Okay, this is really cool. We've been watching this 'I Am Audi' blog for a few weeks now since we first found it. It's by Scott Mitchell, Audi Brand Specialist at Sunset Imports in Beaverton, OR. Not surprisingly, Scott focuses often on a lot of the cars that come through his dealership. We figured it was only a (short) matter of time before we'd catch some content we knew readers of our own Audi News Blog that should be passed along and his most recent post is very interesting indeed.
The latest addition to the Audi Music Interface system is a wireless Bluetooth adapter... but not for phone... Audi already had that. This adapter is for music. Once installed, you can pair your bluetooth equipped music device like an iPhone to stream music into your Audi without having to hook it up inside the glovebox. It probably doesn't do much for battery life on the device, but that's what chargers are for.
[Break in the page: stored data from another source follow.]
(* Let $t=\frac13$ and $p=\frac1b$ for an integer $b\ge3$. Then bold play is optimal, i.e. $\pi(p,\frac13)=1-(1-p)^3$, attained by $c_1=c_2=c_3=\frac13$, $c_i=0$ for $i\ge4$.
   Context: Let $\beta_1,\beta_2,\ldots$ be independent Bernoulli random variables with success probability $p$. A stake sequence is a sequence $\gamma=(c_1,c_2,\ldots)$ of non-negative reals with $c_1\ge c_2\ge\cdots$ and $\sum_i c_i=1$; write $S_\gamma=\sum_i c_i\beta_i$. For $0\le p\le t\le 1$ define $\pi(p,t)=\sup\{\mathbf P(S_\gamma\ge t)\mid \gamma \text{ a stake sequence}\}$. Bold play for threshold $t$ is the stake sequence with $c_i=\frac1m$ for $i\le m$ and $c_i=0$ for $i>m$, where $m=\lfloor 1/t\rfloor$; it is optimal if it attains $\pi(p,t)$. *)

From HB Require Import structures.
From mathcomp Require Import all_boot all_order all_algebra.
From mathcomp Require Import all_classical all_reals all_analysis.
Set Implicit Arguments. Unset Strict Implicit. Unset Printing Implicit Defensive.
Import Order.TTheory GRing.Theory Num.Theory.
Import numFieldNormedType.Exports.
Local Open Scope classical_set_scope.
Local Open Scope ring_scope.

Definition stake_seq (R : realType) (c : nat -> R) : Prop :=
  (forall i, 0 <= c i) /\ (forall i, c i.+1 <= c i) /\ (series c @ \oo --> (1 : R)).

(* beta_1, beta_2, ... (indexed from 0 here) are independent Bernoulli(p)
   random variables with values in {0,1}: each is measurable, 0/1-valued,
   and every finite family of distinct indices has the product joint law. *)
Definition iid_bernoulli d (T : measurableType d) (R : realType)
  (P : probability T R) (beta : nat -> T -> R) (p : R) : Prop :=
  (forall i, measurable_fun setT (beta i)) /\
  (forall i w, beta i w = 0 \/ beta i w = 1) /\
  (forall (s : seq nat) (e : nat -> bool), uniq s ->
     P [set w | forall i, i \in s -> beta i w = (e i)%:R] =
     (\prod_(i <- s) (if e i then p else 1 - p))%:E).

Definition S_gamma (R : realType) T (c : nat -> R) (beta : nat -> T -> R)
  (w : T) : R := limn (series (fun i => c i * beta i w)).

Definition pi_val d (T : measurableType d) (R : realType)
  (P : probability T R) (beta : nat -> T -> R) (t : R) : R :=
  sup [set r | exists c, stake_seq c /\
         r = fine (P [set w | t <= S_gamma c beta w])].

Definition bold_third (R : realType) (i : nat) : R :=
  if (i < 3)%N then 3^-1 else 0.

From HB Require Import structures.
From mathcomp Require Import all_boot all_order all_algebra.
From mathcomp Require Import all_classical all_reals all_analysis.
From mathcomp Require Import measurable_realfun.
From mathcomp Require Import lra ring.
Import Order.TTheory GRing.Theory Num.Theory.
Import numFieldNormedType.Exports.
Local Open Scope classical_set_scope.
Local Open Scope ring_scope.

(* For N large the tail
   T = 1 - (c_0 + ... + c_(N+1)) is small, and winning forces the stakes won
   among c_0, ..., c_(N+1) to sum to at least t = 1/3 - T; N is chosen with
   2T < c_1 (unless c_1 = 0).
   A p-coin deciding whether a stake is won can be realised by throwing the
   stake into one of b bins uniformly at random and asking whether it landed in
   a fixed bin, so b P(stakes won reach t) is the expected number of bins whose
   content reaches t.  Throw the small stakes first and c_0, c_1 last.  Before
   the last two throws the bins hold less than 3t - c_0, so at most two of them
   are full.  If at most one is full, each other bin reaches t with probability
   at most 1 - (1 - p)^2.  If two are full, every other bin holds less than
   t - c_0 and needs both big stakes, hence reaches t with probability at most
   p^2.  Either way the expected count is at most b (1 - (1 - p)^3), the second
   time because p <= 1/3.  Bold play attains this value. *)

Fixpoint reach_prob {R : realType} (p t : R) (l : seq R) (s : R) : R :=
  if l is c :: l' then p * reach_prob p t l' (s + c) + (1 - p) * reach_prob p t l' s
  else (t <= s)%R%:R.

Section ReachProbability.
Context {R : realType}.
Implicit Types (p t s u v x c : R) (l : seq R).

Lemma reach_prob_ge0_le1 p t l s : 0 <= p <= 1 -> 0 <= reach_prob p t l s <= 1.
Proof.
move=> p01; elim: l s => [|c l IH] s /=; first by case: (t <= s); rewrite /= ?lexx ?ler01.
by have := IH (s + c); have := IH s; nra.
Qed.

Lemma reach_prob2_le p t u v x : 0 <= p <= 1 ->
  reach_prob p t [:: u; v] x <= 1 - (1 - p) ^+ 2 + (1 - p) ^+ 2 * (t <= x)%R%:R.
Proof.
by move=> p01 /=; case: (t <= x + u + v); case: (t <= x + u); case: (t <= x + v);
  case: (t <= x); rewrite /= ?mulr0 ?mulr1 ?addr0; nra.
Qed.

Lemma reach_prob2_le_sqr p t u v x : 0 <= p <= 1 -> 0 <= v <= u -> x + u < t ->
  reach_prob p t [:: u; v] x <= p ^+ 2.
Proof.
move=> p01 vu xut /=.
have miss y : y <= x + u -> (t <= y)%R%:R = 0 :> R.
  by move=> yxu; rewrite leNgt (le_lt_trans yxu xut).
rewrite (miss (x + u)) ?(miss (x + v)) ?(miss x); try lra.
by case: (t <= x + u + v); rewrite /= ?mulr0 ?mulr1 ?addr0; nra.
Qed.

End ReachProbability.

Lemma sum_ord_indicator {R : ringType} {n} (k : 'I_n) (f : bool -> R) :
  \sum_(j < n) f (k == j) = f true + (n%:R - 1) * f false.
Proof.
rewrite (bigD1 k) //= eqxx (eq_bigr (fun _ => f false)) => [|j]; last first.
  by rewrite eq_sym => /negbTE ->.
rewrite sumr_const cardC1 card_ord -[f false *+ _]mulr_natl.
have n_gt0 : (0 < n)%N := leq_ltn_trans (leq0n k) (ltn_ord k).
by rewrite -subn1 natrB.
Qed.

Lemma sum_ord_affine {R : ringType} {n} (a e : R) (f : 'I_n -> R) :
  \sum_(k < n) (a + e * f k) = n%:R * a + e * \sum_(k < n) f k.
Proof. by rewrite big_split /= sumr_const card_ord mulr_natl mulr_sumr. Qed.

Lemma invn_gt0_le_third {R : realType} {b} :
  (3 <= b)%N -> 0 < (b%:R^-1 : R) /\ (b%:R^-1 : R) <= 3^-1.
Proof.
move=> b_ge3; have b_gt0 : (0 < b)%N by rewrite (leq_trans _ b_ge3).
by rewrite invr_gt0 ltr0n lef_pV2 ?posrE ?ltr0n ?(ler_nat R 3).
Qed.

Section Bins.
Context {R : realType}.
Implicit Types (t u v c : R) (l : seq R).

Lemma full_bins_mass b t (r : 'I_b -> R) : (forall k, 0 <= r k) ->
  t * \sum_k (t <= r k)%R%:R <= \sum_k r k.
Proof.
move=> r_ge0; rewrite mulr_sumr; apply: ler_sum => k _.
by case: (lerP t (r k)) => [tr|_]; rewrite /= ?mulr1 ?mulr0 ?r_ge0.
Qed.

Lemma open_bin_mass b t (r : 'I_b -> R) k0 : (forall k, 0 <= r k) -> r k0 < t ->
  r k0 + t * \sum_k (t <= r k)%R%:R <= \sum_k r k.
Proof.
move=> r_ge0 rk0t; rewrite [leRHS](bigD1 k0) //= [X in t * X](bigD1 k0) //=.
rewrite (leNgt t) rk0t mulrDr mulr0 add0r lerD2l mulr_sumr; apply: ler_sum => k _.
by case: (lerP t (r k)) => [tr|_]; rewrite /= ?mulr1 ?mulr0 ?r_ge0.
Qed.

Lemma last_two_stakes_bins b t (r : 'I_b -> R) u v :
  (3 <= b)%N -> 0 < t -> 0 <= v <= u -> (forall k, 0 <= r k) ->
  \sum_k r k + u < 3 * t \/ \sum_k r k < 2 * t ->
  \sum_k reach_prob b%:R^-1 t [:: u; v] (r k) <= b%:R * (1 - (1 - b%:R^-1) ^+ 3).
Proof.
move=> b_ge3 t_gt0 vu r_ge0 mass.
have u_ge0 : 0 <= u by case/andP: vu; apply: le_trans.
have b_neq0 : (b%:R : R) != 0 by rewrite pnatr_eq0 -lt0n (leq_trans _ b_ge3).
have [p_gt0 p_le13] := invn_gt0_le_third (R := R) b_ge3.
set p := (b%:R^-1 : R) in p_gt0 p_le13 *.
have -> : b%:R * (1 - (1 - p) ^+ 3) = 3 - 3 * p + p ^+ 2 by rewrite /p; field.
have b_miss2 : b%:R * (1 - (1 - p) ^+ 2) = 2 - p by rewrite /p; field.
have b_sqr : b%:R * p ^+ 2 = p by rewrite /p; field.
clearbody p.
have p01 : 0 <= p <= 1 by apply/andP; split; lra.
pose full : R := \sum_k (t <= r k)%R%:R.
have fullE : \sum_k (t <= r k)%R%:R = full by [].
clearbody full.
have full_mass : t * full <= \sum_k r k by rewrite -fullE; exact: full_bins_mass.
have full_lt3 : full < 3 by rewrite -(ltr_pM2l t_gt0); case: mass => ?; lra.
have [full_le1|full_eq2] : full <= 1 \/ full = 2.
  move: full_lt3; rewrite -fullE -natr_sum (ltr_nat R _ 3) (ler_nat R _ 1).
  by case: (\sum_k _)%N => [|[|[|n]]] //= _; [left|left|right].
- apply: (@le_trans _ _ (\sum_k (1 - (1 - p) ^+ 2 + (1 - p) ^+ 2 * (t <= r k)%R%:R))).
    by apply: ler_sum => k _; exact: reach_prob2_le.
  rewrite sum_ord_affine fullE b_miss2.
  by have := sqr_ge0 (1 - p); nra.
rewrite {}full_eq2 in fullE full_mass.
have {}mass : \sum_k r k + u < 3 * t by case: mass => [//|small]; lra.
apply: (@le_trans _ _ (\sum_k (p ^+ 2 + (1 - p ^+ 2) * (t <= r k)%R%:R))).
  apply: ler_sum => k _; case: (lerP t (r k)) => [tr|rt] /=.
    have /andP[_ le1] := reach_prob_ge0_le1 p t [:: u; v] (r k) p01.
    by rewrite mulr1 addrCA subrr addr0.
  rewrite mulr0 addr0; apply: reach_prob2_le_sqr => //.
  have : r k + t * 2 <= \sum_k r k by rewrite -fullE; exact: open_bin_mass.
  lra.
rewrite sum_ord_affine fullE b_sqr.
have : 0 <= 1 - p ^+ 2 by nra.
(* 3 - 3p + p^2 - (p + 2 (1 - p^2)) = (1 - p) (1 - 3p) *)
nra.
Qed.

Lemma sum_reach_prob_cons b t (r : 'I_b -> R) c l : (0 < b)%N ->
  \sum_k reach_prob b%:R^-1 t (c :: l) (r k) =
  b%:R^-1 * \sum_(j < b) \sum_k reach_prob b%:R^-1 t l (r k + (k == j)%:R * c).
Proof.
move=> b_gt0; rewrite exchange_big mulr_sumr; apply: eq_bigr => k _ /=.
rewrite (sum_ord_indicator k (fun e => reach_prob b%:R^-1 t l (r k + e%:R * c))) /=.
rewrite mul1r mul0r addr0; field.
by rewrite pnatr_eq0 -lt0n.
Qed.

Lemma bins_reach_prob_le b t (r : 'I_b -> R) l u v :
  (3 <= b)%N -> 0 < t -> 0 <= v <= u -> all (>= 0) l -> (forall k, 0 <= r k) ->
  \sum_k r k + \sum_(c <- l) c + u < 3 * t \/ \sum_k r k + \sum_(c <- l) c < 2 * t ->
  \sum_k reach_prob b%:R^-1 t (l ++ [:: u; v]) (r k) <=
    b%:R * (1 - (1 - b%:R^-1) ^+ 3).
Proof.
move=> b_ge3 t_gt0 vu; elim: l r => [|c l IH] r l_ge0 r_ge0 mass /=.
  by apply: last_two_stakes_bins => //; rewrite big_nil addr0 in mass.
case/andP: l_ge0 => c_ge0 l_ge0.
have b_gt0 : (0 < b)%N by rewrite (leq_trans _ b_ge3).
have b_gtR : (0 < b%:R :> R) by rewrite ltr0n.
rewrite sum_reach_prob_cons // -(ler_pM2l b_gtR) mulrA mulfV ?gt_eqF // mul1r.
apply: (@le_trans _ _ (\sum_(j < b) b%:R * (1 - (1 - b%:R^-1) ^+ 3))); last first.
  by rewrite sumr_const card_ord [leRHS]mulr_natl.
apply: ler_sum => j _; apply: (IH (fun k => r k + (k == j)%:R * c)) => // [k|].
  by rewrite addr_ge0 // mulr_ge0.
have -> : \sum_k (r k + (k == j)%:R * c) = \sum_k r k + c.
  rewrite big_split /=; congr (_ + _).
  under eq_bigr do rewrite eq_sym.
  by rewrite (sum_ord_indicator j (fun e => e%:R * c)) /= mul1r mul0r mulr0 addr0.
by rewrite big_cons addrA in mass.
Qed.

Lemma reach_prob_last_two_le b t l u v :
  (3 <= b)%N -> 0 < t -> 0 <= v <= u -> all (>= 0) l ->
  \sum_(c <- l) c + u < 3 * t \/ \sum_(c <- l) c < 2 * t ->
  reach_prob b%:R^-1 t (l ++ [:: u; v]) 0 <= 1 - (1 - b%:R^-1) ^+ 3.
Proof.
move=> b_ge3 t_gt0 vu l_ge0 mass.
have b_gt0 : (0 < b%:R :> R) by rewrite ltr0n (leq_trans _ b_ge3).
rewrite -(ler_pM2l b_gt0).
have -> : b%:R * reach_prob b%:R^-1 t (l ++ [:: u; v]) 0 =
    \sum_(k < b) reach_prob b%:R^-1 t (l ++ [:: u; v]) 0.
  by rewrite sumr_const card_ord mulr_natl.
apply: (bins_reach_prob_le b t (fun _ => 0)) => //.
by rewrite big1 // add0r.
Qed.

End Bins.

Definition cylinder {T} {R : realType} (beta : nat -> T -> R) (l : seq nat)
  (e : nat -> bool) : set T :=
  [set w | forall i, i \in l -> beta i w = (e i)%:R].

Section Cylinders.
Context {d} {T : measurableType d} {R : realType} {beta : nat -> T -> R}.
Hypothesis beta_meas : forall i, measurable_fun setT (beta i).
Implicit Types (c : nat -> R) (t : R) (l : seq nat).
Local Notation cylinder := (cylinder beta).

Lemma measurable_cylinder l e : measurable (cylinder l e).
Proof.
elim: l => [|i l IH].
  by rewrite (_ : cylinder _ _ = setT) //; apply/seteqP; split => // w _ j.
rewrite (_ : cylinder _ _ = beta i @^-1` [set (e i)%:R] `&` cylinder l e).
  by apply: measurableI => //; rewrite -[_ @^-1` _]setTI; exact: beta_meas.
apply/seteqP; split => [w ew|w [/= ewi ew] j].
  by split; [exact: ew (mem_head _ _)|move=> j jl; apply: ew; rewrite inE jl orbT].
by rewrite inE => /orP[/eqP -> //|]; exact: ew.
Qed.

Lemma measurable_stake_sum_ge c l t :
  measurable [set w | t <= \sum_(i <- l) c i * beta i w].
Proof.
rewrite -[X in measurable X]setTI; apply: measurable_fun_le => //.
by apply: measurable_sum => i; exact: measurable_funM.
Qed.

End Cylinders.

Section Independence.
Context {d} {T : measurableType d} {R : realType} {P : probability T R}
  {beta : nat -> T -> R} {p : R}.
Hypothesis beta_iid : iid_bernoulli P beta p.
Implicit Types (c : nat -> R) (t s : R) (l : seq nat).
Local Notation cylinder := (cylinder beta).

Let beta_meas : forall i, measurable_fun setT (beta i).
Proof. by case: beta_iid. Qed.

Lemma cylinder_cons i l e (x : bool) : i \notin l ->
  cylinder (i :: l) [eta e with i |-> x] = [set w | beta i w = x%:R] `&` cylinder l e.
Proof.
move=> il; have e_l j : j \in l -> [eta e with i |-> x] j = e j.
  by move=> jl /=; case: eqP => // ji; rewrite -ji jl in il.
apply/seteqP; split => [w ew|w [/= ewi ew] j].
  split; first by have := ew i (mem_head _ _); rewrite /= eqxx.
  by move=> j jl; rewrite -e_l //; apply: ew; rewrite inE jl orbT.
by rewrite inE => /orP[/eqP -> /=|jl]; [rewrite eqxx|rewrite e_l //; exact: ew].
Qed.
Check out more of Scott's post after the jump.
* Full Story *


----------



## BHB (Oct 26, 2004)

*Re: Audi Music Interface with Bluetooth Music Adapter ([email protected])*

wow, very cool. i wonder if its compatible with the VW RNS510?


----------



## [email protected] (Apr 9, 2004)

*Re: Audi Music Interface with Bluetooth Music Adapter (bhb399mm)*

My guess is no. Audi uses an RNS-E for R8, TT, A3 and B7 A4 when it was in production. MMI cars are based on a fiber optic system called MOST and I'm pretty sure the VW system you speak of is not.


----------



## zekezank (Aug 12, 2007)

I work as an Audi and VW parts manager, and was shown this bluetooth adapter at the Audi parts conference recently. They haven't told us much, but as soon as I have more info I will share it with everyone.


----------